**Exercise goal**
Please take the lines from the one holding "have QBR : quasi_component" through the one holding "by move=> z /QBR; rewrite setUC." in the data below and copy them exactly.

++++ Listed entries ++++

(* Let $E$ be a Stone space with at least five points. Then the graph $\mathscr{C}(E)$ is connected. Moreover, if $E$ is finite then $\mathscr{C}(E)$ has diameter at most four, while if $E$ is infinite then $\mathscr{C}(E)$ has diameter exactly two.
   Context: A Stone space is a compact, Hausdorff, totally disconnected topological space. A cut of $E$ is an unordered partition of $E$ into two disjoint clopen sets $U,V$, written $U\sqcup V$. A cut is non-peripheral if each of $U$ and $V$ contains at least two points. Two cuts $U\sqcup V$ and $U'\sqcup V'$ cross if all four sets $U\cap U'$, $U\cap V'$, $V\cap U'$, $V\cap V'$ are nonempty; otherwise they are compatible. The complex of cuts $\mathscr{C}(E)$ is the simplicial graph whose vertices are the non-peripheral cuts of $E$, with an edge between two distinct cuts whenever they are compatible. *)

From mathcomp Require Import all_boot all_order.
From mathcomp Require Import all_classical all_reals all_analysis.
Set Implicit Arguments. Unset Strict Implicit. Unset Printing Implicit Defensive.
Local Open Scope classical_set_scope.

Definition stone_space (E : topologicalType) : Prop :=
  [/\ compact [set: E], hausdorff_space E & totally_disconnected [set: E]].

(* A cut U ⊔ V is represented by the clopen set U (with V = ~` U).
   The (unordered) cut determined by U equals that determined by U'
   iff U' = U or U' = ~` U. *)
Definition same_cut {E : topologicalType} (U U' : set E) : Prop :=
  U' = U \/ U' = ~` U.

Definition nonperipheral_cut {E : topologicalType} (U : set E) : Prop :=
  [/\ clopen U, clopen (~` U),
      (exists x y, [/\ U x, U y & x <> y]) &
      (exists x y, [/\ (~` U) x, (~` U) y & x <> y])].

Definition cuts_cross {E : topologicalType} (U U' : set E) : Prop :=
  [/\ U `&` U' !=set0, U `&` ~` U' !=set0,
      ~` U `&` U' !=set0 & ~` U `&` ~` U' !=set0].

Definition cut_adj {E : topologicalType} (U U' : set E) : Prop :=
  [/\ nonperipheral_cut U, nonperipheral_cut U',
      ~ same_cut U U' & ~ cuts_cross U U'].

(* cut_within n U U' : the vertices (cuts) represented by U and U' are at
   distance at most n in the complex of cuts C(E). *)
Fixpoint cut_within {E : topologicalType} (n : nat) (U U' : set E) : Prop :=
  match n with
  | 0 => nonperipheral_cut U /\ same_cut U U'
  | S m => cut_within m U U' \/ exists W, cut_within m U W /\ cut_adj W U'
  end.

Definition cut_complex_connected (E : topologicalType) : Prop :=
  forall U U' : set E, nonperipheral_cut U -> nonperipheral_cut U' ->
    exists n, cut_within n U U'.

Definition cut_complex_diam_le (E : topologicalType) (n : nat) : Prop :=
  forall U U' : set E, nonperipheral_cut U -> nonperipheral_cut U' ->
    cut_within n U U'.

Definition cut_complex_diam_eq (E : topologicalType) (n : nat) : Prop :=
  cut_complex_diam_le E n /\
  (forall m, (m < n)%N -> ~ cut_complex_diam_le E m).

(* Two crossing non-peripheral cuts U, V split E into four non-empty quadrants
   U ∩ V, U \ V, V \ U and E \ (U ∪ V).  With five points, one quadrant Q
   contains two points; Q is then a non-peripheral cut compatible with both U
   and V, so any two vertices of C(E) are at distance at most 2.  Conversely a
   Stone space is zero-dimensional (its quasi-components, which are connected
   by compactness, are points), so clopen sets can realise any partition of
   four chosen points into two pairs; this gives two crossing cuts, which are
   at distance exactly 2. *)

From mathcomp Require Import all_boot all_order.
From mathcomp Require Import all_classical all_reals all_analysis.
Set Implicit Arguments.
Unset Strict Implicit.
Unset Printing Implicit Defensive.
Local Open Scope classical_set_scope.

Section QuasiComponent.
Variable E : topologicalType.
Hypothesis cptE : compact [set: E].

Definition quasi_component (x : E) :=
  \bigcap_(C in [set C : set E | clopen C /\ C x]) C.

Lemma closed_quasi_component x : closed (quasi_component x).
Proof. by apply: closed_bigI => C [[_]]. Qed.

Lemma quasi_component_sub_open x W : open W -> quasi_component x `<=` W ->
  exists C, [/\ clopen C, C x & C `<=` W].
Proof.
move=> oW QW; apply: contrapT => noC.
pose F := filter_from [set C : set E | clopen C /\ C x] (fun C => C `\` W).
have FF : Filter F.
  apply: filter_from_filter; first by exists setT; split => //; exact: clopenT.
  move=> A B [clA Ax] [clB Bx]; exists (A `&` B); first by split; [exact: clopenI|].
  by move=> z [[Az Bz] nWz].
have PF : ProperFilter F.
  apply: filter_from_proper => C [clC Cx]; apply: contrapT => /set0P/negP.
  rewrite negbK => /eqP; rewrite setD_eq0 => CW; apply: noC; by exists C.
have [p [_ clusterp]] := cptE PF filterT.
have inF C : clopen C -> C x -> C p /\ ~ W p.
  move=> clC Cx; have cCW : closed (C `\` W).
    by apply: closedI; [case: clC | exact: open_closedC].
  apply: cCW => B nB; apply: clusterp nB; by exists C.
have [_ nWp] := inF _ clopenT I.
by apply/nWp/QW => C [clC Cx]; case: (inF C clC Cx).
Qed.

Hypothesis hsdE : hausdorff_space E.

Lemma closed_disjoint_separation (P R : set E) : closed P -> closed R ->
  P `&` R = set0 ->
  exists U V, [/\ open U, open V, P `<=` U, R `<=` V & U `&` V = set0].
Proof.
move=> cP cR PR0.
have nRP : set_nbhs P (~` R).
  apply/set_nbhsP; exists (~` R); split => //; first exact: closed_openC.
  by move=> z Pz Rz; rewrite -[False]/(set0 z) -PR0.
have [D nDP clDR] := compact_normal hsdE cptE cP nRP.
have [U [oU PU UD]] := (set_nbhsP P D).1 nDP.
exists U, (~` closure D); split => //.
- exact/closed_openC/closed_closure.
- by move=> z Rz /clDR.
- by apply/seteqP; split => z // [/UD/subset_closure].
Qed.

(* Separate P and R by disjoint open sets U, V; a clopen C around x inside
   U ∪ V gives the clopen C ∩ U = C \ V around x. *)
Lemma quasi_component_sub_closed x (P R : set E) : closed P -> closed R ->
  P `&` R = set0 -> quasi_component x `<=` P `|` R -> P x ->
  quasi_component x `<=` P.
Proof.
move=> cP cR PR0 QPR Px.
have [U [V [oU oV PU RV UV0]]] := closed_disjoint_separation cP cR PR0.
have [C [[oC cC] Cx CUV]] := quasi_component_sub_open (openU oU oV)
  (subset_trans QPR (setUSS PU RV)).
have CUE : C `&` U = C `\` V.
  apply/seteqP; split=> z [Cz Hz]; split => //.
    by move=> Vz; rewrite -[False]/(set0 z) -UV0.
  by case: (CUV z Cz).
have QU : quasi_component x `<=` U.
  move=> z Qz; have [] // := Qz (C `&` U); split; last by split => //; exact: PU.
  split; first exact: openI.
  by rewrite CUE; apply: closedI => //; exact: open_closedC.
move=> z Qz; case: (QPR z Qz) => // Rz.
have : (U `&` V) z by split; [exact: QU | exact: RV].
by rewrite UV0.
Qed.

Lemma connected_quasi_component x : connected (quasi_component x).
Proof.
have Qx : quasi_component x x by move=> C [].
move=> B [b Bb] [G oG BQG] [K cK BQK].
have BQ : B `<=` quasi_component x by rewrite BQG => ? [].
have cB : closed B by rewrite BQK; apply: closedI => //; exact: closed_quasi_component.
pose R := quasi_component x `\` G.
have cR : closed R.
  by apply: closedI; [exact: closed_quasi_component | exact: open_closedC].
have BR0 : B `&` R = set0.
  by apply/seteqP; split => // z [+ [_ nGz]]; rewrite BQG => -[].
have QBR : quasi_component x `<=` B `|` R.
  by move=> z Qz; have [Gz|] := pselect (G z); [left; rewrite BQG|right].
have [Bx|nBx] := pselect (B x).
  by apply/seteqP; split => //; exact: quasi_component_sub_closed QBR Bx.
have /(_ b (BQ b Bb)) [_ []] : quasi_component x `<=` R.
  apply: (quasi_component_sub_closed cR cB); first by rewrite setIC.
    by move=> z /QBR; rewrite setUC.
  by split => // Gx; apply: nBx; rewrite BQG.
by move: Bb; rewrite BQG => -[].
Qed.

End QuasiComponent.

Lemma stone_zero_dimensional (E : topologicalType) :
  stone_space E -> zero_dimensional E.
Proof.
case=> cptE hsdE tdE x y /eqP xy; apply: contrapT => nsep.
have Qy : quasi_component x y.
  by move=> C [clC Cx]; apply: contrapT => nCy; apply: nsep; exists C.
suff : connected_component [set: E] x y by rewrite tdE // => /esym.
exists (quasi_component x) => //.
by split=> //; [move=> C [] | exact: connected_quasi_component].
Qed.

Section ZeroDimensional.
Variable E : topologicalType.
Hypothesis zdE : zero_dimensional E.

Lemma zero_dimensional_sep2 (a c d : E) : a <> c -> a <> d ->
  exists U, [/\ clopen U, U a, ~ U c & ~ U d].
Proof.
move=> /eqP ac /eqP ad.
have [[U [clU Ua nUc]] [V [clV Va nVd]]] := (zdE ac, zdE ad).
by exists (U `&` V); split => //; [exact: clopenI | case | case].
Qed.

Lemma zero_dimensional_sep22 (a b c d : E) :
  a <> c -> a <> d -> b <> c -> b <> d ->
  exists U, [/\ clopen U, U a, U b, ~ U c & ~ U d].
Proof.
move=> ac ad bc bd.
have [[U [clU Ua nUc nUd]] [V [clV Vb nVc nVd]]] :=
  (zero_dimensional_sep2 ac ad, zero_dimensional_sep2 bc bd).
by exists (U `|` V); split; [exact: clopenU | left | right | case | case].
Qed.

End ZeroDimensional.

Section Cuts.
Variable E : topologicalType.
Implicit Types U V W : set E.

Lemma nonperipheral_cutC U : nonperipheral_cut (~` U) = nonperipheral_cut U.
Proof. by rewrite /nonperipheral_cut setCK propeqE; split=> -[? ? ? ?]; split. Qed.

Lemma same_cutC U V : same_cut U V = same_cut V U.
Proof.
by rewrite /same_cut propeqE; split=> -[->|->]; rewrite ?setCK; [left|right|left|right].
Qed.

Lemma same_cutCl U V : same_cut (~` U) V = same_cut U V.
Proof. by rewrite /same_cut setCK propeqE; split=> -[]; [right|left|right|left]. Qed.

Lemma same_cutCr U V : same_cut U (~` V) = same_cut U V.
Proof. by rewrite same_cutC same_cutCl same_cutC. Qed.

Lemma cuts_cross_sym U V : cuts_cross U V -> cuts_cross V U.
Proof. by case=> ? ? ? ?; split; rewrite setIC. Qed.

Lemma cuts_crossCl U V : cuts_cross (~` U) V = cuts_cross U V.
Proof. by rewrite /cuts_cross setCK propeqE; split=> -[? ? ? ?]; split. Qed.

Lemma cuts_crossCr U V : cuts_cross U (~` V) = cuts_cross U V.
Proof. by rewrite /cuts_cross setCK propeqE; split=> -[? ? ? ?]; split. Qed.

Lemma cut_adj_sym U V : cut_adj U V -> cut_adj V U.
Proof.
by case=> nU nV sUV cUV; split=> //; [rewrite same_cutC | move/cuts_cross_sym].
Qed.

Lemma cut_adjCr U V : cut_adj U (~` V) = cut_adj U V.
Proof. by rewrite /cut_adj nonperipheral_cutC same_cutCr cuts_crossCr. Qed.

Lemma cut_withinCl n U V : cut_within n (~` U) V = cut_within n U V.
Proof.
elim: n V => [|n IHn] V /=; first by rewrite nonperipheral_cutC same_cutCl.
by under eq_exists do rewrite IHn; rewrite IHn.
Qed.

Lemma cut_withinCr n U V : cut_within n U (~` V) = cut_within n U V.
Proof.
elim: n => [|n IHn] /=; first by rewrite same_cutCr.
by under eq_exists do rewrite cut_adjCr; rewrite IHn.
Qed.

Lemma cut_within_le m n U V : (m <= n)%N -> cut_within m U V -> cut_within n U V.
Proof.
elim: n => [|n IHn]; first by rewrite leqn0 => /eqP->.
by rewrite leq_eqVlt ltnS => /orP[/eqP-> // | /IHn mn /mn]; left.
Qed.

Lemma cut_within2_adj U W V : nonperipheral_cut U ->
  cut_adj U W -> cut_adj W V -> cut_within 2 U V.
Proof.
move=> nU UW WV; right; exists W; split=> //.
by right; exists U; split=> //; split=> //; left.
Qed.

Lemma cuts_cross_not_within1 U V : cuts_cross U V -> ~ cut_within 1 U V.
Proof.
move=> cUV [[_ [] VE]|[W [[_ [] WE] [_ _ _ []]]]].
- by move: cUV; rewrite VE => -[_ [z []]].
- by move: cUV; rewrite VE => -[[z []]].
- by rewrite WE.
- by rewrite WE cuts_crossCl.
Qed.

Lemma cross_nonperipheral U V : clopen U -> clopen V -> cuts_cross U V ->
  nonperipheral_cut U /\ nonperipheral_cut V.
Proof.
move=> clU clV [[a [Ua Va]] [b [Ub nVb]] [c [nUc Vc]] [d [nUd nVd]]].
have [clCU clCV] := (clopenC set0 clU, clopenC set0 clV).
split; split=> //.
- by exists a, b; split=> // ab; apply: nVb; rewrite -ab.
- by exists c, d; split=> // cd; apply: nVd; rewrite -cd.
- by exists a, c; split=> // ac; apply: nUc; rewrite -ac.
- by exists b, d; split=> // bd; apply: nUd; rewrite -bd.
Qed.

Lemma cut_adj_meet U V : nonperipheral_cut U -> nonperipheral_cut V ->
  cuts_cross U V -> (exists x y, [/\ U x, U y, V x, V y & x <> y]) ->
  cut_adj (U `&` V) U.
Proof.
move=> nU [clV _ _ _] [_ [p [Up nVp]] [q [nUq Vq]] _] [x [y [Ux Uy Vx Vy xy]]].
have clUV : clopen (U `&` V) by case: nU => clU _ _ _; exact: clopenI.
split=> //.
- split=> //; first exact: clopenC set0 clUV.
    by exists x, y.
  by exists p, q; split=> [[]|[]|pq] //; apply: nUq; rewrite -pq.
- case=> UE; first by apply: nVp; have [] : (U `&` V) p by rewrite -UE.
  by have /(_ (conj Ux Vx)) : (~` (U `&` V)) x by rewrite -UE.
- by case=> _ [z [[Uz _] []]].
Qed.

Lemma cut_within2_cross U V x y : x <> y ->
  (U x <-> U y) -> (V x <-> V y) ->
  nonperipheral_cut U -> nonperipheral_cut V -> cuts_cross U V ->
  cut_within 2 U V.
Proof.
move=> xy; wlog Ux : U / U x => [HU|].
  have [/HU // | nUx Uxy] := pselect (U x).
  rewrite -cut_withinCl -nonperipheral_cutC -cuts_crossCl; apply: HU => //.
  by split; apply: contra_not; apply Uxy.
wlog Vx : V / V x => [HV|].
  have [/HV // | nVx Uxy Vxy] := pselect (V x).
  rewrite -cut_withinCr -(nonperipheral_cutC V) -cuts_crossCr; apply: HV => //.
  by split; apply: contra_not; apply Vxy.
move=> Uxy Vxy nU nV cUV.
have [Uy Vy] : U y /\ V y by split; [apply/Uxy | apply/Vxy].
apply: (cut_within2_adj nU (cut_adj_sym (cut_adj_meet nU nV cUV _))).
  by exists x, y.
rewrite setIC; apply: cut_adj_meet nV nU (cuts_cross_sym cUV) _.
by exists x, y.
Qed.

Lemma cut_complex_diam_le2 (f : 'I_5 -> E) : injective f ->
  cut_complex_diam_le E 2.
Proof.
move=> finj U V nU nV.
have [sUV|nsUV] := pselect (same_cut U V); first by left; left.
have [cUV|ncUV] := pselect (cuts_cross U V); last first.
  by left; right; exists U; split; [split=> //; left | split].
pose quadrant i := (`[< U (f i) >], `[< V (f i) >]).
have [i [j [ij qij]]] :
    exists i j, i <> j /\ quadrant i = quadrant j.
  apply: contrapT => nq; suff /leq_card : injective quadrant.
    by rewrite card_ord card_prod card_bool.
  by move=> i j qij; apply: contrapT => ij; apply: nq; exists i, j.
case: qij => eU eV; have [Uij Vij] := (asbool_eq_equiv eU, asbool_eq_equiv eV).
exact: cut_within2_cross (contra_not (@finj i j) ij) Uij Vij nU nV cUV.
Qed.

Lemma zero_dimensional_cuts_cross (f : 'I_4 -> E) : injective f -> zero_dimensional E ->
  exists U V, [/\ nonperipheral_cut U, nonperipheral_cut V & cuts_cross U V].
Proof.
move=> finj zdE.
have fD i j : i != j -> f i <> f j by move=> /eqP ij /finj.
pose a := f (@Ordinal 4 0 isT); pose b := f (@Ordinal 4 1 isT).
pose c := f (@Ordinal 4 2 isT); pose d := f (@Ordinal 4 3 isT).
have [U [clU Ua Ub nUc nUd]] : exists U, [/\ clopen U, U a, U b, ~ U c & ~ U d].
  by apply: zero_dimensional_sep22 => //; apply: fD.
have [V [clV Va Vc nVb nVd]] : exists V, [/\ clopen V, V a, V c, ~ V b & ~ V d].
  by apply: zero_dimensional_sep22 => //; apply: fD.
have cUV : cuts_cross U V by split; [exists a | exists b | exists c | exists d].
have [nU nV] := cross_nonperipheral clU clV cUV.
by exists U, V.
Qed.

End Cuts.

Theorem mainTheorem2 (E : topologicalType) :
  stone_space E ->
  (exists f : 'I_5 -> E, injective f) ->
  [/\ cut_complex_connected E,
      finite_set [set: E] -> cut_complex_diam_le E 4
    & infinite_set [set: E] -> cut_complex_diam_eq E 2].
Proof.
move=> stoneE [f finj].
have diam2 := cut_complex_diam_le2 finj.
split.
- by move=> U V nU nV; exists 2; exact: diam2.
- by move=> _ U V nU nV; exact: cut_within_le (diam2 U V nU nV).
- move=> _; split=> // m m2 diam_m.
  have f4inj : injective (f \o widen_ord (leqnSn 4)).
    by apply: inj_comp finj _ => i j /(congr1 val) /= /ord_inj.
  have [U [V [nU nV cUV]]] :=
    zero_dimensional_cuts_cross f4inj (stone_zero_dimensional stoneE).
  by apply: (cuts_cross_not_within1 cUV); exact: cut_within_le (diam_m U V nU nV).
Qed.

++++

**Answer space**
have QBR : quasi_component x `<=` B `|` R.
  by move=> z Qz; have [Gz|] := pselect (G z); [left; rewrite BQG|right].
have [Bx|nBx] := pselect (B x).
  by apply/seteqP; split => //; exact: quasi_component_sub_closed QBR Bx.
have /(_ b (BQ b Bb)) [_ []] : quasi_component x `<=` R.
  apply: (quasi_component_sub_closed cR cB); first by rewrite setIC.
    by move=> z /QBR; rewrite setUC.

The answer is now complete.